Over the next few weeks, we’ll be moving a number of popular Discourse plugins into the core repository. That means that Discourse will come with a larger number of plugins by default, and it’ll be easier for us to keep them all tested & up-to-date.
All these plugins will remain disabled by default, so this won’t have any visible impact on existing communities. If you use a managed hosting service like discourse.org, you don’t need to do anything.
Self-hosted communities
If you self-host Discourse, and are already using one of these plugins, you’ll be prompted to remove the relevant line from your app.yml file before your next rebuild.
Development Environment
If you already have one of the plugins installed locally, and then pull the latest version of Discourse core, one of two things will happen.
If you use symlinks for your plugins, then you’ll get an error during git pull. To resolve the issue, delete the symlink, then run git pull again
If you clone plugins directly, then the git pull of core will succeed, but you will have some surprising ‘unstaged changes’ caused by the nested git repositories. The best way to proceed is to delete the affected directory, and then restore it from main. For example:
Thanks. With my poor knowledge of development and programming, I would still like to ask you a question. Can these plugins, which are originally components intended to be added to a basic installation may one day lose their plug-in character and become a complete part of a basic installation, without being called plug-ins at all?
They might do, yes. In particular, the authentication plugins (e.g. apple-auth) are quite likely to be absorbed into core eventually, just like our other builtin authentication methods (e.g. Google, Facebook, etc.).
If I recall correctly from my experience, you will only be able to update docker at first. Once you’ve updated docker, you will be shown a message in the update UI explaining that you have to update via the command line, and how to do it.
Then when you update on the ocmmand line you’ll see the HINT for each plugin you need to remove from app.yml as explained in the first post above.
This is a good update but was this really necessary?
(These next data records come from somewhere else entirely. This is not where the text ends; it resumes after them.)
Lemma d_dichotomy k : d k = D \/ (d k = 1 /\ (D = 2 \/ D = 3))%N.
Proof.
have [/forallP/(_ k)/eqP|/forallPn[u du]] := boolP [forall i, d i == D]; first by left.
have [m dm] : {m | D = d m}.
  by rewrite /lacing; apply: bigop.eq_bigmax; rewrite card_ord (fc_n_pos cartan).
pose A := [set k | d k == d u].
have A0 : A != set0 by apply/set0Pn; exists u; rewrite inE.
have AT : A != setT.
  by apply: contra du => /eqP AT; have := in_setT m; rewrite -AT inE dm => /eqP ->.
have [i0 [j0 [i0A j0A cij]]] := fc_indec cartan A0 AT.
rewrite !inE in i0A j0A; move/eqP: i0A => i0A.
have dij : d i0 != d j0 by rewrite i0A eq_sym.
have hk k' : d k' = d i0 \/ d k' = d j0.
  by case/orP: (same_d_cover cij dij k') => /connect_same_d ->; [left | right].
case: (ltngtP (d i0) (d j0)) => [lt|gt|eq]; last by rewrite eq eqxx in dij.
  exact: two_valued_d_dichotomy cij lt hk k.
apply: two_valued_d_dichotomy (cartan_neq0_sym cij) gt _ k => k'.
by case: (hk k'); [right | left].
Qed.

Lemma lacing_sub_le2 i : (D - d i <= 2)%N.
Proof. by case: (d_dichotomy i) => [->|[-> [->|->]]]; rewrite ?subnn. Qed.

Lemma lacing_sub_long_nbr i j r : d i = D -> C j i = - r%:Z -> (0 < r)%N ->
  (D - d j)%N = r.-1.
Proof.
move=> di cji r0.
have ji : j != i by apply/eqP => eji; move: cji; rewrite eji (fc_diag cartan); lia.
have cij : C i j <= -1.
  by apply: cartan_le_m1; [rewrite eq_sym | apply: cartan_neq0_sym; rewrite cji; lia].
have hs := fc_sym cartan j i; have pb := cartan_prod_le3 ji.
have dj := d_gt0 j; have dle := d_le_lacing j.
have hc : C i j = -1.
  apply/eqP; rewrite eq_le cij leNgt; apply/negP => hlt.
  have r1 : r = 1%N by move: pb; rewrite cji; nia.
  by move: hs; rewrite di cji r1; nia.
have hdr : (d j * r)%N = D by move: hs; rewrite di cji hc; lia.
case: (d_dichotomy j) => [djD|[dj1 hD]]; first by move: hdr dj; rewrite djD subnn; nia.
by move: hdr; rewrite dj1; lia.
Qed.

Lemma short_nbr_ge_m1 i j : d i != D -> -1 <= C j i.
Proof.
move=> di; have [->|ji] := eqVneq j i; first by rewrite (fc_diag cartan).
case: (d_dichotomy i) => [/eqP|[di1 _]]; first by rewrite (negbTE di).
rewrite leNgt; apply/negP => cji.
have cij : C i j <= -1.
  by apply: cartan_le_m1; [rewrite eq_sym | apply: cartan_neq0_sym; lia].
have hs := fc_sym cartan j i; have pb := cartan_prod_le3 ji; have := d_gt0 j.
by move: hs; rewrite di1; nia.
Qed.

End CartanData.

Section ChariOperators.
Variables (R : realType) (n : nat) (C : 'M[int]_n) (d : 'I_n -> nat) (q : R[i]).
Hypotheses (cartan : finite_cartan C d) (q_neq0 : q != 0).
Local Notation D := (lacing d).
Local Notation W := (Wv d q).

(* [A_raw C d q (sval x) i a = Yv i (a / q_i) x * Yv i (a * q_i) x / A_den i a x]. *)
Definition A_den (i : 'I_n) (a : R[i]) : Fn R n := fun x =>
  \prod_(j | C j i == -1) Yv j a x *
  \prod_(j | C j i == -2) (Yv j (a / q) x * Yv j (a * q) x) *
  \prod_(j | C j i == -3) (Yv j (a / q ^+ 2) x * Yv j a x * Yv j (a * q ^+ 2) x).

Lemma Yv_neq0 j a (x : pt R n) : Yv j a x != 0.
Proof. exact: svalP x j a. Qed.

Lemma A_den_neq0 i a x : A_den i a x != 0.
Proof.
by rewrite !mulf_neq0 //; apply/prodf_neq0 => j _; rewrite ?mulf_neq0 ?Yv_neq0.
Qed.

Lemma T_Yv_self i b x : T C d q i (Yv i b) x =
  A_den i (b * q ^+ d i) x / Yv i (b * q ^+ d i * q ^+ d i) x.
Proof.
rewrite /T /Yv /tau /= /tau_raw eqxx /A_raw mulfK ?expf_neq0 // -/(A_den i _ x).
have := A_den_neq0 i (b * q ^+ d i) x.
have := Yv_neq0 i b x; have := Yv_neq0 i (b * q ^+ d i * q ^+ d i) x.
by rewrite /Yv => y1 y2 N; field; rewrite y1 y2 N.
Qed.

Lemma T_Wv_other i j a : j != i -> T C d q i (W j a) =1 W j a.
Proof. by move=> ji x; rewrite /T /Wv /Yv /= /tau_raw (negbTE ji). Qed.

Lemma Wv_long j c x : d j = D -> W j c x = Yv j c x.
Proof. by move=> dj; rewrite /Wv dj eqxx. Qed.

Lemma Wv_mid j c x : (D - d j = 1)%N -> W j c x = Yv j (c / q) x * Yv j (c * q) x.
Proof.
move=> dj; have := d_le_lacing d j.
by rewrite /Wv ifN ?ifT //; [apply/eqP | apply/negP => /eqP]; lia.
Qed.

Lemma Wv_short j c x : (D - d j = 2)%N ->
  W j c x = Yv j (c / q ^+ 2) x * Yv j c x * Yv j (c * q ^+ 2) x.
Proof.
move=> dj; have := d_le_lacing d j.
by rewrite /Wv !ifN //; apply/negP => /eqP; lia.
Qed.

Definition Wparam (i : 'I_n) (a : R[i]) (k : nat) : R[i] :=
  a * q ^+ (2 * k) / q ^+ (D - d i).

Lemma Wv_prod i a x : W i a x = \prod_(k < (D - d i).+1) Yv i (Wparam i a k) x.
Proof.
rewrite /Wparam; have := lacing_sub_le2 cartan i.
case E: (D - d i)%N => [|[|[|m]]] // _.
- rewrite big_ord1 muln0 expr0 mulr1 divr1 Wv_long //.
  by have := d_le_lacing d i; lia.
- rewrite Wv_mid // !big_ord_recl big_ord0 mulr1 /bump /=.
  congr (Yv i _ x * Yv i _ x); first by rewrite muln0 expr0 mulr1 expr1.
  by rewrite expr1 expr2 mulrA mulfK.
rewrite Wv_short // !big_ord_recl big_ord0 mulr1 mulrA /bump /=.
congr (Yv i _ x * Yv i _ x * Yv i _ x); first by rewrite muln0 expr0 mulr1.
  by rewrite mulfK ?expf_neq0.
by rewrite (exprD q 2 2) mulrA mulfK ?expf_neq0.
Qed.

Lemma T_Wv_self i a : T C d q i (W i a) = fun x =>
  \prod_(k < (D - d i).+1) A_den i (Wparam i a k * q ^+ d i) x /
  W i (a * q ^+ d i * q ^+ d i) x.
Proof.
apply: boolp.funext => x.
have -> : T C d q i (W i a) x =
  \prod_(k < (D - d i).+1) T C d q i (Yv i (Wparam i a k)) x by exact: Wv_prod.
under eq_bigr do rewrite T_Yv_self.
rewrite prodf_div Wv_prod; congr (_ / _); apply: eq_bigr => k _.
by rewrite /Wparam; congr (Yv i _ x); ring.
Qed.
Giving a rebuild failure seems a little bit harsh to me.. a UI warning or automated update (or just ignoring them entirely) would have been nicer than putting a gun to my head and saying “remove these now”
This caught me out last week when I tried to update via cmd line and it failed (reactions plugin).
It caught me out again when my cmd line update failed again this morning (data explorer plugin).
I would very much welcome a warning on the cmd line before the update process starts, and then inevitably fails.
Twice in two weeks now my updates have failed and this has meant my Discourse is offline for the duration of time it takes me to debug the issue, edit configs, try again, etc - all while in a mild state of panic because everything is broken.